Friday, October 20, 2006

Where in the World???

From time to time the public reads reports that detail the inability of U.S. school children, college students, and working adults to identify – even using a map – the 50 states that constitute the Union.

More numerous are comparisons with foreigners in identifying countries in the world or even more generally, on which continents various countries are. And when it comes to history – our own as well as others, especially non-European – the knowledge gap always weighs against us.

But this?

On October 17, Jeff Stein of the Congressional Quarterly wrote a commentary for The New York Times that confirms – again – what the public has known instinctively for a number of years: Members of Congress doesn’t know who benefits and how from the laws they pass and the funds they appropriate in the name of the U.S. people.

Stein wasn’t delving into some minor program buried in some bureau of one of the less controversial executive agencies. Nor had he pulled out some massive 1,000 page bill that a Member simply could not read through before having to vote – as has happened when one or the other political parties wants to ram through an omnibus spending bill so Congress can go home.

He was interested in Iraq, specifically, if Members know the difference between Shi’ites and Sunnis and which sect is where. Considering the stakes involved – the U.S., coalition and Iraqi soldiers and the Iraqi men, women, and children being killed everyday; the more than half a trillion dollars spent or obligated for Iraq, Afghanistan, and the “global war on terror”; and the spectre of a fragmented, failed nation-state sitting on some of the largest oil reserves in the world – one would think that Members would know which was which.

More troubling is Stein’s revelation that some U.S. counter-terror officials could not answer basic questions about Islam.
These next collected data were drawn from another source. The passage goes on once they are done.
(* Let $R:K\to H$ be an object of $\mathcal C'$. Then $(K,\cdot_K,1_K,\Delta,\epsilon,S_K,\rightharpoonup_R)$ with $a\rightharpoonup_R b:=R(a)\rightharpoonup b$ is a Yetter--Drinfeld post-Hopf algebra, and sending a morphism $(f,g)$ of $\mathcal C'$ to $g$ yields a functor $\mathsf R':\mathcal C'\to\mathcal{YD}\mathrm{PH}(\mathrm{Vec}_\Bbbk)$. Moreover $\mathsf R'$ is right adjoint to the functor $L:\mathcal{YD}\mathrm{PH}(\mathrm{Vec}_\Bbbk)\to\mathcal C'$ sending $(H,\rightharpoonup)$ to $\mathrm{Id}_H:H\to H_\rightharpoonup$ and $g$ to $(g,g)$: for all objects there is a natural bijection $\mathrm{Hom}_{\mathcal C'}\big(L(H',\rightharpoonup'),\,R\big)\cong\mathrm{Hom}_{\mathcal{YD}\mathrm{PH}}\big((H',\rightharpoonup'),\,\mathsf R'(R)\big)$, given by $(f,g)\mapsto g$ with inverse $g\mapsto(R\circ g,\,g)$.
   Context: Conventions: $\Bbbk$ is a field; algebras are associative unital, coalgebras coassociative counital; Sweedler notation $\Delta(c)=c_1\otimes c_2$ (summation omitted), iterated as $c_1\otimes c_2\otimes c_3$ etc.; $H\otimes H$ carries the tensor product coalgebra structure. Definition (Yetter--Drinfeld post-Hopf algebra). A tuple $(H,\cdot,1,\Delta,\epsilon,S,\rightharpoonup)$ where $(H,\cdot,1)$ is an algebra, $(H,\Delta,\epsilon)$ is a coalgebra on the same vector space, $S:H\to H$ is linear with $x_1\cdot S(x_2)=S(x_1)\cdot x_2=\epsilon(x)1$ for all $x$, and $\rightharpoonup:H\otimes H\to H$ is a coalgebra morphism, such that for all $x,y,z\in H$: (P1) $x\rightharpoonup(y\cdot z)=(x_1\rightharpoonup y)\cdot(x_2\rightharpoonup z)$; (P2) $x\rightharpoonup(y\rightharpoonup z)=\big(x_1\cdot(x_2\rightharpoonup y)\big)\rightharpoonup z$; (P3) the map $\alpha_\rightharpoonup:H\to\mathrm{End}(H)$, $\alpha_\rightharpoonup(x)(y)=x\rightharpoonup y$, is convolution invertible, i.e. there is $\beta_\rightharpoonup:H\to\mathrm{End}(H)$ with $\alpha_\rightharpoonup(x_1)\circ\beta_\rightharpoonup(x_2)=\beta_\rightharpoonup(x_1)\circ\alpha_\rightharpoonup(x_2)=\epsilon(x)\mathrm{Id}_H$; (P4) $\epsilon(a\cdot b)=\epsilon(a)\epsilon(b)$, $\epsilon(1)=1_\Bbbk$, $\Delta(1)=1\otimes 1$; (P5) $\Delta(x\cdot y)=\Big(x_1\cdot\alpha_\rightharpoonup(x_2)\big(\beta_\rightharpoonup(x_4)(y_1)\big)\Big)\otimes(x_3\cdot y_2)$; (P6) setting $x\bullet_\rightharpoonup y:=x_1\cdot(x_2\rightharpoonup y)$, $S_\rightharpoonup(x):=\beta_\rightharpoonup(x_1)(S(x_2))$ and $x\leftharpoonup y:=\big(S_\rightharpoonup(x_1\rightharpoonup y_1)\bullet_\rightharpoonup x_2\big)\bullet_\rightharpoonup y_2$, one has $\Delta(S_\rightharpoonup(x))=S_\rightharpoonup(x_2)\otimes S_\rightharpoonup(x_1)$ and $(x_1\rightharpoonup y_1)\otimes(x_2\leftharpoonup y_2)=(x_2\rightharpoonup y_2)\otimes(x_1\leftharpoonup y_1)$. A morphism of Yetter--Drinfeld post-Hopf algebras $(H,\rightharpoonup)\to(H',\rightharpoonup')$ is an algebra and coalgebra morphism $g$ with $g(x\rightharpoonup y)=g(x)\rightharpoonup' g(y)$; these form $\mathcal{YD}\mathrm{PH}(\mathrm{Vec}_\Bbbk)$. The subadjacent Hopf algebra is $H_\rightharpoonup=(H,\bullet_\rightharpoonup,1,\Delta,\epsilon,S_\rightharpoonup)$, and $H$ is a Hopf monoid in ${}^{H_\rightharpoonup}_{H_\rightharpoonup}\mathcal{YD}$ via action $\rightharpoonup$ and coaction $a\mapsto a_1\bullet_\rightharpoonup S_\rightharpoonup(a_3)\otimes a_2$. Yetter--Drinfeld modules: for a Hopf algebra $A$ with antipode $T$, a left-left Yetter--Drinfeld module is a left $A$-module $(V,\triangleright)$ and left $A$-comodule $\rho(v)=v_{-1}\otimes v_0$ with $\rho(a\triangleright v)=a_1v_{-1}T(a_3)\otimes a_2\triangleright v_0$; these form the braided monoidal category ${}^A_A\mathcal{YD}$ with braiding $\sigma(v\otimes w)=v_{-1}\triangleright w\otimes v_0$. A bimonoid in ${}^A_A\mathcal{YD}$ is an object with algebra and coalgebra structure maps in ${}^A_A\mathcal{YD}$, $\epsilon$ multiplicative, $\epsilon(1)=1$, $\Delta(1)=1\otimes1$, and $\Delta\circ m=(m\otimes m)(\mathrm{Id}\otimes\sigma\otimes\mathrm{Id})(\Delta\otimes\Delta)$; a Hopf monoid is a bimonoid with antipode. Definition (Yetter--Drinfeld relative pre-Rota--Baxter operator). Let $(H,\cdot,1,\Delta,\epsilon,S_H)$ be a Hopf algebra and $(K,\cdot_K,1_K,\Delta,\epsilon)$ a bimonoid in ${}^H_H\mathcal{YD}$ with $H$-action $\rightharpoonup$. A coalgebra morphism $R:K\to H$ is a Yetter--Drinfeld relative pre-Rota--Baxter operator if for all $a,b\in K$: (RB1) $R(a)\cdot R(b)=R\big(a_1\cdot_K(R(a_2)\rightharpoonup b)\big)$; (RB2) $S_HR(R(a_1)\rightharpoonup b_1)\cdot R(a_2)\cdot R(b_2)\otimes R(R(a_3)\rightharpoonup b_3)=S_HR(R(a_2)\rightharpoonup b_2)\cdot R(a_3)\cdot R(b_3)\otimes R(R(a_1)\rightharpoonup b_1)$. A morphism from $R:K\to H$ to $R':K'\to H'$ is a pair $(f:H\to H',g:K\to K')$ of algebra and coalgebra morphisms with $fR=R'g$ and $g(h\rightharpoonup k)=f(h)\rightharpoonup' g(k)$. $\mathcal C'$ is the full subcategory of Yetter--Drinfeld relative pre-Rota--Baxter operators whose objects are the injective $R:K\to H$ such that $K$ is a Hopf monoid in ${}^H_H\mathcal{YD}$ (with antipode $S_K$) and the $H$-coaction on $K$ is $a\mapsto R(a_1)\cdot S_H(R(a_3))\otimes a_2$. (For $(H,\rightharpoonup)$ a Yetter--Drinfeld post-Hopf algebra, $\mathrm{Id}_H:H\to H_\rightharpoonup$ is an object of $\mathcal C'$.) *)

(* Tensors are represented as formal sums of elementary tensors (seq of pairs /
   triples); equality in V (x) W is the universal-property equality: two formal
   sums are equal iff every bilinear map (into every k-vector space) takes the
   same value on them.  Sweedler sums are sums over these formal sums. *)
From HB Require Import structures.
From mathcomp Require Import all_boot all_algebra.
From Stdlib Require Import ClassicalEpsilon.
Set Implicit Arguments. Unset Strict Implicit. Unset Printing Implicit Defensive.
Import GRing.Theory.
Local Open Scope ring_scope.

Section YD.
Variable k : fieldType.

Definition lin (V W : lmodType k) (f : V -> W) : Prop :=
  forall (a : k) (x y : V), f (a *: x + y) = a *: f x + f y.
Definition bilin (V W U : lmodType k) (b : V -> W -> U) : Prop :=
  (forall x, lin (b x)) /\ (forall y, lin (fun x => b x y)).
Definition trilin (V1 V2 V3 U : lmodType k) (t : V1 -> V2 -> V3 -> U) : Prop :=
  (forall x y, lin (t x y)) /\ (forall x z, lin (fun y => t x y z)) /\
  (forall y z, lin (fun x => t x y z)).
As Stein put it, “Most American officials …don’t have a clue.”

One Member who didn’t know but then asked to be filled in, subsequently remarked : “what occurs to me is that it makes what we’re doing over there extremely difficult, not only in Iraq but that whole area.”

One normally might simply observe “better late than never.” But for 2,780 U.S. soldiers and the uncounted Iraqis killed, there is no “late” – only “never.”

1 Comments:

Blogger sixpacksongs said...

Reminiscent of McNamara's admission that Washington leadership did not understand Vietnamese culture and perspectives (no "empathy", I believe he said), nor did they seek it out in the lower levels of the bureaucracy. He contrasted this situation with the Soviet/Eastern Bloc confrontation, especially in the "War Room" during the Cuban Missile Crisis.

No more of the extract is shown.